Advantages to patient. Niffler benefits from significantly decreased stress and increased speed, both in the short term (namely, short, mostly hands-off examination, and low-stress blood draw), and in the longer term (that is, his course of transdermal medication, and the single-visit diagnosis).
Advantages to client. Niffler’s owner only needs one short visit to the vet and doesn’t need to wait for test results. The practice group’s subscription service allows frank and open discussion of the price of options.

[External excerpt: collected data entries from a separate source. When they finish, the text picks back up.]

(* Let $\mathbb{D}=\{z\in\mathbb{C}:|z|<1\}$. For all $z_1,z_2\in\mathbb{D}$, \[ b_{\mathbb{D},2}(z_1,z_2)=\frac{|z_1-z_2|}{\sqrt{2+|z_1|^2+|z_2|^2-2|z_1+z_2|}}. \] In particular, for every $t\in(-1,1)$, $\lim_{r\to1,\ r\in(0,1)}b_{\mathbb{D},2}(r,t)=1$.
   Context: For $z_1,z_2\in\mathbb{D}$, $b_{\mathbb{D},2}(z_1,z_2)=\sup_{z\in\partial\mathbb{D}}\frac{|z_1-z_2|}{\sqrt{|z_1-z|^2+|z-z_2|^2}}$. *)

From Stdlib Require Import Reals.
From Coquelicot Require Import Coquelicot.
Open Scope R_scope.

Definition in_unit_disc (z : C) : Prop := Cmod z < 1.

Definition b_D2 (z1 z2 : C) : Rbar :=
  Lub_Rbar (fun x : R => exists z : C, Cmod z = 1 /\
     x = Cmod (Cminus z1 z2) / sqrt (Cmod (Cminus z1 z) ^ 2 + Cmod (Cminus z z2) ^ 2)).

(* For |u| = 1 one has |z1 - u|^2 + |u - z2|^2 = 2 + |z1|^2 + |z2|^2 - 2 Re(conj(u) (z1 + z2)),
   and Re(conj(u) w) <= |w| with equality for u = w / |w|.  So the supremum defining b_D2 is
   a maximum, attained where the denominator is smallest.  On the real axis the resulting
   quotient is continuous at r = 1, where it equals (1 - t) / sqrt((1 - t)^2) = 1. *)

From Stdlib Require Import Reals Lra.
From Coquelicot Require Import Coquelicot.
Open Scope R_scope.

Lemma Lub_Rbar_max (E : R -> Prop) (m : R) :
  E m -> (forall x, E x -> x <= m) -> Lub_Rbar E = Finite m.
Proof.
  intros Em Hm. apply is_lub_Rbar_unique. split.
  - exact Hm.
  - intros b Hb. exact (Hb m Em).
Qed.

Lemma Re_conj_mul_le_Cmod (u w : C) : Cmod u = 1 -> Re (Cconj u * w) <= Cmod w.
Proof.
  intros Hu.
  replace (Cmod w) with (Cmod (Cconj u * w))
    by (rewrite Cmod_mult, Cmod_conj, Hu; ring).
  eapply Rle_trans; [apply Rle_abs | apply re_le_Cmod].
Qed.

Lemma Re_conj_mul_attains_Cmod (w : C) :
  exists u : C, Cmod u = 1 /\ Re (Cconj u * w) = Cmod w.
Proof.
  destruct (Ceq_dec w 0) as [-> | Hw].
  - exists 1%C. split; [apply Cmod_1 | rewrite Cmod_0; simpl; ring].
  - assert (Hm : 0 < Cmod w) by (apply Cmod_gt_0; exact Hw).
    assert (Hm2 := Cmod2_alt w).
    destruct w as [a b]; cbn [Re Im fst snd] in Hm2.
    set (m := Cmod (a, b)) in *.
    assert (Hab : a ^ 2 + b ^ 2 = m ^ 2) by lra.
    exists (a / m, b / m). split.
    + unfold Cmod at 1; cbn [fst snd]. rewrite <- sqrt_1. f_equal.
      replace ((a / m) ^ 2 + (b / m) ^ 2) with ((a ^ 2 + b ^ 2) / m ^ 2) by (field; lra).
      rewrite Hab. field. lra.
    + cbn. replace (a / m * a - - (b / m) * b) with ((a ^ 2 + b ^ 2) / m) by (field; lra).
      rewrite Hab. field. lra.
Qed.

Lemma Cmod_sub_unit_sq_sum (z1 z2 u : C) : Cmod u = 1 ->
  Cmod (z1 - u)%C ^ 2 + Cmod (u - z2)%C ^ 2
  = 2 + Cmod z1 ^ 2 + Cmod z2 ^ 2 - 2 * Re (Cconj u * (z1 + z2)).
Proof.
  intros Hu.
  assert (Hu2 : Re u ^ 2 + Im u ^ 2 = 1) by (rewrite <- Cmod2_alt, Hu; ring).
  rewrite !Cmod2_alt.
  destruct z1 as [a b], z2 as [c d], u as [x y]. cbn in *. nra.
Qed.

(* The quantity dominates (1 - |z1|)^2 + (1 - |z2|)^2 by the triangle inequality. *)
Lemma unit_disc_gap_pos (z1 z2 : C) : Cmod z1 < 1 -> Cmod z2 < 1 ->
  0 < 2 + Cmod z1 ^ 2 + Cmod z2 ^ 2 - 2 * Cmod (z1 + z2)%C.
Proof.
  intros H1 H2.
  pose proof (Cmod_triangle z1 z2). pose proof (Cmod_ge_0 z1). pose proof (Cmod_ge_0 z2).
  nra.
Qed.

Lemma b_D2_closed_form (z1 z2 : C) : in_unit_disc z1 -> in_unit_disc z2 ->
  b_D2 z1 z2 =
  Finite (Cmod (z1 - z2)%C / sqrt (2 + Cmod z1 ^ 2 + Cmod z2 ^ 2 - 2 * Cmod (z1 + z2)%C)).
Proof.
  intros H1 H2. pose proof (unit_disc_gap_pos z1 z2 H1 H2) as Hgap.
  apply Lub_Rbar_max.
  - destruct (Re_conj_mul_attains_Cmod (z1 + z2)) as [u [Hu Hre]].
    exists u. split; [exact Hu|].
    rewrite Cmod_sub_unit_sq_sum, Hre by exact Hu. reflexivity.
  - intros x [u [Hu ->]].
    pose proof (Re_conj_mul_le_Cmod u (z1 + z2) Hu).
    rewrite Cmod_sub_unit_sq_sum by exact Hu.
    apply Rmult_le_compat_l; [apply Cmod_ge_0|].
    apply Rinv_le_contravar; [apply sqrt_lt_R0; exact Hgap|].
    apply sqrt_le_1_alt. lra.
Qed.

Lemma b_D2_real (r t : R) : -1 < r < 1 -> -1 < t < 1 ->
  b_D2 (RtoC r) (RtoC t) = Finite (Rabs (r - t) / sqrt (2 + r ^ 2 + t ^ 2 - 2 * Rabs (r + t))).
Proof.
  intros Hr Ht.
  rewrite b_D2_closed_form by (unfold in_unit_disc; rewrite Cmod_R; apply Rabs_def1; lra).
  rewrite <- RtoC_minus, <- RtoC_plus, !Cmod_R, !pow2_abs. reflexivity.
Qed.

Lemma b_D2_real_lim_1 (t : R) : -1 < t < 1 ->
  filterlim (fun r : R => b_D2 (RtoC r) (RtoC t))
            (within (fun r : R => 0 < r < 1) (locally 1)) (Rbar_locally 1).
Proof.
  intros Ht.
  set (g r := Rabs (r - t) / sqrt (2 + r ^ 2 + t ^ 2 - 2 * Rabs (r + t))).
  assert (Hgap : 2 + 1 ^ 2 + t ^ 2 - 2 * Rabs (1 + t) = (1 - t) ^ 2)
    by (rewrite Rabs_pos_eq by lra; ring).
  assert (Hg1 : g 1 = 1).
  { unfold g. rewrite Hgap, sqrt_pow2, Rabs_pos_eq by lra. field. lra. }
  assert (Hg : continuous g 1).
  (* Near 1, neither |r - t| nor |r + t| sits at its kink and the radicand is positive. *)
  { apply (ex_derive_continuous g). unfold g. auto_derive.
    rewrite Rabs_pos_eq by lra. repeat split; try lra.
    - nra.
    - apply Rgt_not_eq, sqrt_lt_R0. nra. }
  apply filterlim_within_ext with (f := fun r => Finite (g r)).
  { intros r Hr. rewrite b_D2_real by lra. reflexivity. }
  intros P HP. apply filter_le_within, (Hg (fun x => P (Finite x))).
  rewrite Hg1. exact HP.
Qed.

Theorem theorem3p15 :
  (forall z1 z2 : C, in_unit_disc z1 -> in_unit_disc z2 ->
     b_D2 z1 z2 =
     Finite (Cmod (Cminus z1 z2) /
             sqrt (2 + Cmod z1 ^ 2 + Cmod z2 ^ 2 - 2 * Cmod (Cplus z1 z2)))) /\
  (forall t : R, -1 < t < 1 ->
     filterlim (fun r : R => b_D2 (RtoC r) (RtoC t))
               (within (fun r : R => 0 < r < 1) (locally 1))
               (Rbar_locally (Finite 1))).
Proof.
  split.
  - exact b_D2_closed_form.
  - exact b_D2_real_lim_1.
Qed.
Lemma vsum_le n (f h : Fin.t n -> R) : (forall i, f i <= h i) -> vsum n f <= vsum n h.
Proof.
  revert f h; induction n as [|n IH]; intros f h H; simpl; [lra|].
  pose proof (H Fin.F1); pose proof (IH _ (fun i => h (Fin.FS i)) (fun i => H _)); lra.
Qed.

Lemma vsum_const n a : vsum n (fun _ => a) = INR n * a.
Proof. induction n as [|n IH]; simpl vsum; [simpl; ring|]. rewrite IH, S_INR; ring. Qed.

Lemma vsum_nonneg n (f : Fin.t n -> R) : (forall i, 0 <= f i) -> 0 <= vsum n f.
Proof.
  intros Hf. pose proof (vsum_le n (fun _ => 0) f Hf) as H.
  rewrite vsum_const, Rmult_0_r in H. exact H.
Qed.

Lemma vsum_ge_term n (f : Fin.t n -> R) i : (forall j, 0 <= f j) -> f i <= vsum n f.
Proof.
  induction i as [m|m i IH]; intros Hf; simpl.
  - pose proof (vsum_nonneg m (fun j => f (Fin.FS j)) (fun j => Hf _)); lra.
  - pose proof (IH (fun j => f (Fin.FS j)) (fun j => Hf _)); pose proof (Hf Fin.F1); lra.
Qed.

Definition sqnorm {n} (u : vec n) : R := dot u u.

Lemma sqnorm_nonneg {n} (u : vec n) : 0 <= sqnorm u.
Proof. apply vsum_nonneg; intros; nra. Qed.

Lemma sqnorm_ge_coord {n} (u : vec n) i : u i * u i <= sqnorm u.
Proof. apply (vsum_ge_term n (fun i => u i * u i)); intros; nra. Qed.

Lemma norm2_sq {n} (u : vec n) : norm2 u * norm2 u = sqnorm u.
Proof. apply sqrt_sqrt, sqnorm_nonneg. Qed.

Lemma norm2_ext {n} (u v : vec n) : (forall i, u i = v i) -> norm2 u = norm2 v.
Proof. intros H; unfold norm2, dot; f_equal; apply vsum_ext; intros; rewrite H; ring. Qed.

Lemma norm2_scale {n} (u : vec n) t : 0 <= t -> norm2 (fun i => t * u i) = t * norm2 u.
Proof.
  intros Ht. unfold norm2, dot.
  rewrite (vsum_lincomb3 n _ (fun i => u i * u i) (fun i => u i * u i) (fun i => u i * u i)
             (t * t) 0 0) by (intros; ring).
  rewrite !Rmult_0_l, !Rplus_0_r, sqrt_mult_alt, sqrt_square by nra. reflexivity.
Qed.

Lemma sqrt_le_of_le_sq x y : 0 <= y -> x <= y * y -> sqrt x <= y.
Proof. intros Hy H. rewrite <- (sqrt_square y Hy). apply sqrt_le_1_alt; lra. Qed.

Lemma quadratic_nonneg_discr A B C : 0 <= A -> 0 <= C ->
  (forall t, 0 <= A - 2 * t * B + t * t * C) -> B * B <= A * C.
Proof.
  intros HA HC H. destruct (Req_dec C 0) as [H0|H0].
  - subst. destruct (Req_dec B 0) as [HB|HB]; [subst; lra|].
    specialize (H ((A + 1) / (2 * B))).
    replace (A - 2 * ((A + 1) / (2 * B)) * B + (A + 1) / (2 * B) * ((A + 1) / (2 * B)) * 0)
      with (-1) in H by (field; auto). lra.
  - specialize (H (B / C)).
    replace (A - 2 * (B / C) * B + B / C * (B / C) * C) with ((A * C - B * B) / C) in H
      by (field; auto).
    assert (0 < C) by lra.
    enough (0 <= A * C - B * B) by lra.
    replace (A * C - B * B) with ((A * C - B * B) / C * C) by (field; auto). nra.
Qed.

Lemma cauchy_schwarz {n} (u v : vec n) : dot u v <= norm2 u * norm2 v.
Proof.
  assert (Hq : forall t, 0 <= sqnorm u - 2 * t * dot u v + t * t * sqnorm v).
  { intros t. pose proof (sqnorm_nonneg (fun i => u i - t * v i)) as H.
    unfold sqnorm, dot in *.
    rewrite (vsum_lincomb3 n _ (fun i => u i * u i) (fun i => u i * v i) (fun i => v i * v i)
               1 (-2 * t) (t * t)) in H by (intros; ring). lra. }
  pose proof (quadratic_nonneg_discr _ _ _ (sqnorm_nonneg u) (sqnorm_nonneg v) Hq).
  pose proof (sqrt_pos (dot u u)); pose proof (sqrt_pos (dot v v)).
  destruct (Rle_dec (dot u v) 0); [unfold norm2; nra|].
  unfold norm2. rewrite <- sqrt_mult_alt by apply sqnorm_nonneg.
  rewrite <- (sqrt_square (dot u v)) by lra. apply sqrt_le_1_alt. assumption.
Qed.

Lemma norm2_triangle {n} (u v : vec n) : norm2 (fun i => u i + v i) <= norm2 u + norm2 v.
Proof.
  pose proof (sqrt_pos (dot u u)); pose proof (sqrt_pos (dot v v)).
  apply sqrt_le_of_le_sq; [unfold norm2; lra|].
  pose proof (cauchy_schwarz u v); pose proof (norm2_sq u); pose proof (norm2_sq v).
  unfold sqnorm, dot in *.
  rewrite (vsum_lincomb3 n _ (fun i => u i * u i) (fun i => u i * v i) (fun i => v i * v i)
             1 2 1) by (intros; ring).
  nra.
Qed.

Lemma dist_sym {n} (u v : vec n) : dist u v = dist v u.
Proof. unfold dist, norm2, dot, vsub; f_equal; apply vsum_ext; intros; ring. Qed.

Lemma dist_nonneg {n} (u v : vec n) : 0 <= dist u v.
Proof. apply sqrt_pos. Qed.

Lemma dist_sq {n} (u v : vec n) : dist u v * dist u v = sqnorm (vsub u v).
Proof. apply norm2_sq. Qed.

Lemma dist_le_sq {n} (q p z : vec n) :
  dist q p <= dist q z -> sqnorm (vsub q p) <= sqnorm (vsub q z).
Proof. intros H. rewrite <- !dist_sq. pose proof (dist_nonneg q p). nra. Qed.

Lemma dist_self {n} (u : vec n) : dist u u = 0.
Proof.
  unfold dist, norm2, dot, vsub.
  rewrite (vsum_ext n _ (fun _ => 0)) by (intros; ring).
  rewrite vsum_const, Rmult_0_r. apply sqrt_0.
Qed.

Lemma dist_triangle {n} (x y z : vec n) : dist x z <= dist x y + dist y z.
Proof.
  unfold dist. rewrite (norm2_ext (vsub x z) (fun i => vsub x y i + vsub y z i))
    by (intros; unfold vsub; ring).
  apply norm2_triangle.
Qed.

Lemma cball_center {n} (c : vec n) r : 0 <= r -> cball c r c.
Proof. intros Hr. unfold cball. rewrite dist_self. exact Hr. Qed.

Lemma cball_sqdist {n} (c u v : vec n) r :
  cball c r u -> cball c r v -> sqnorm (vsub u v) <= 4 * (r * r).
Proof.
  unfold cball; intros Hu Hv. rewrite <- dist_sq.
  pose proof (dist_triangle u c v). rewrite (dist_sym c v) in H.
  pose proof (dist_nonneg u v). nra.
Qed.

Definition comb {n} (t : R) (x y : vec n) : vec n := fun i => t * x i + (1 - t) * y i.

Lemma dist_comb {n} (x y c : vec n) t : 0 <= t <= 1 ->
  dist (comb t x y) c <= t * dist x c + (1 - t) * dist y c.
Proof.
  intros Ht. unfold dist.
  rewrite (norm2_ext (vsub (comb t x y) c)
             (fun i => (fun i => t * vsub x c i) i + (fun i => (1 - t) * vsub y c i) i))
    by (intros; unfold vsub, comb; ring).
  eapply Rle_trans; [apply norm2_triangle|]. rewrite !norm2_scale by lra. lra.
Qed.

Lemma aff_sub {n} (g x y : vec n) b : aff g b x - aff g b y = dot g (vsub x y).
Proof.
  unfold aff, dot, vsub.
  rewrite (vsum_lincomb3 n (fun i => g i * (x i - y i)) (fun i => g i * x i)
             (fun i => g i * y i) (fun i => g i * y i) 1 (-1) 0) by (intros; ring).
  ring.
Qed.

Lemma aff_comb {n} (g x y : vec n) b t :
  aff g b (comb t x y) = t * aff g b x + (1 - t) * aff g b y.
Proof.
  unfold aff, dot, comb.
  rewrite (vsum_lincomb3 n _ (fun i => g i * x i) (fun i => g i * y i) (fun i => g i * y i)
             t (1 - t) 0) by (intros; ring).
  ring.
Qed.

Definition lipschitz1 {n} (F : vec n -> R) : Prop := forall x y, F x <= F y + dist x y.

Definition convex_fun {n} (F : vec n -> R) : Prop :=
  forall x y t, 0 <= t <= 1 -> F (comb t x y) <= t * F x + (1 - t) * F y.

Advantages to vet. Things are faster, things are easier, things are cheaper. However, there are also logistical benefits: the practice only needs one testing lab, despite its many branch surgeries; data from home and from the practice’s instruments is automatically recorded; subscription business models lead to many fewer unpaid bills and a more dependable income.
Maybe, compared to the white floors and holograms of the “Laws of Physics Scenario”, these advantages sound inconsequential. But adding just these benefits together creates a world where vets can provide better care for animals. A world in which we’re less stressed and rushed, and better paid and appreciated – achieving at least three of the six ambitions the profession fed into the Vet Futures investigation run by the RCVS and BVA.
So, how can practices get ready to make their future as new ideas and technologies come along? Innovation consultants and futurists spout a lot of general platitudes, such as “stay hungry” and “follow the customer”, but here are three more concrete recommendations that might help vets:
Get a great internet connection. A lot of the future is going to be data driven, and accessed at point of care. If your practice wifi is slow or unreliable, you’re going to be left out. Get it fixed, pronto.
Ask for beta testers. A total of 90% of your clients want a traditional approach to animal medicine. That means 10% will, if you ask them, accept a degree of risk in exchange for being at the cutting edge of the veterinary industry. Beta testers are invaluable, so be open and honest: What are you testing? What are they risking? Why should they join in?
Be ready to pool resources – nearby practices are not your mortal enemy. Being open and ready (you have made contact and had the discussions) to pool resources (for example, money, space or time) allows both practices to access futures that would be closed to them otherwise. You can still compete, just compete at a higher level.
Others include “make friends with the VDS”, “understand before you invest”, “hire a tech-y vet or nurse”, and “don’t underestimate the flexibility of the British public”, but you can figure those out for yourselves.
A lot of figuring out will be required – more than ever before in our industry’s history – and risks are involved. But the potential benefits to animal health, to the client, and to us as professionals are enormous. Good luck out there, and remember: the future’s what we make it.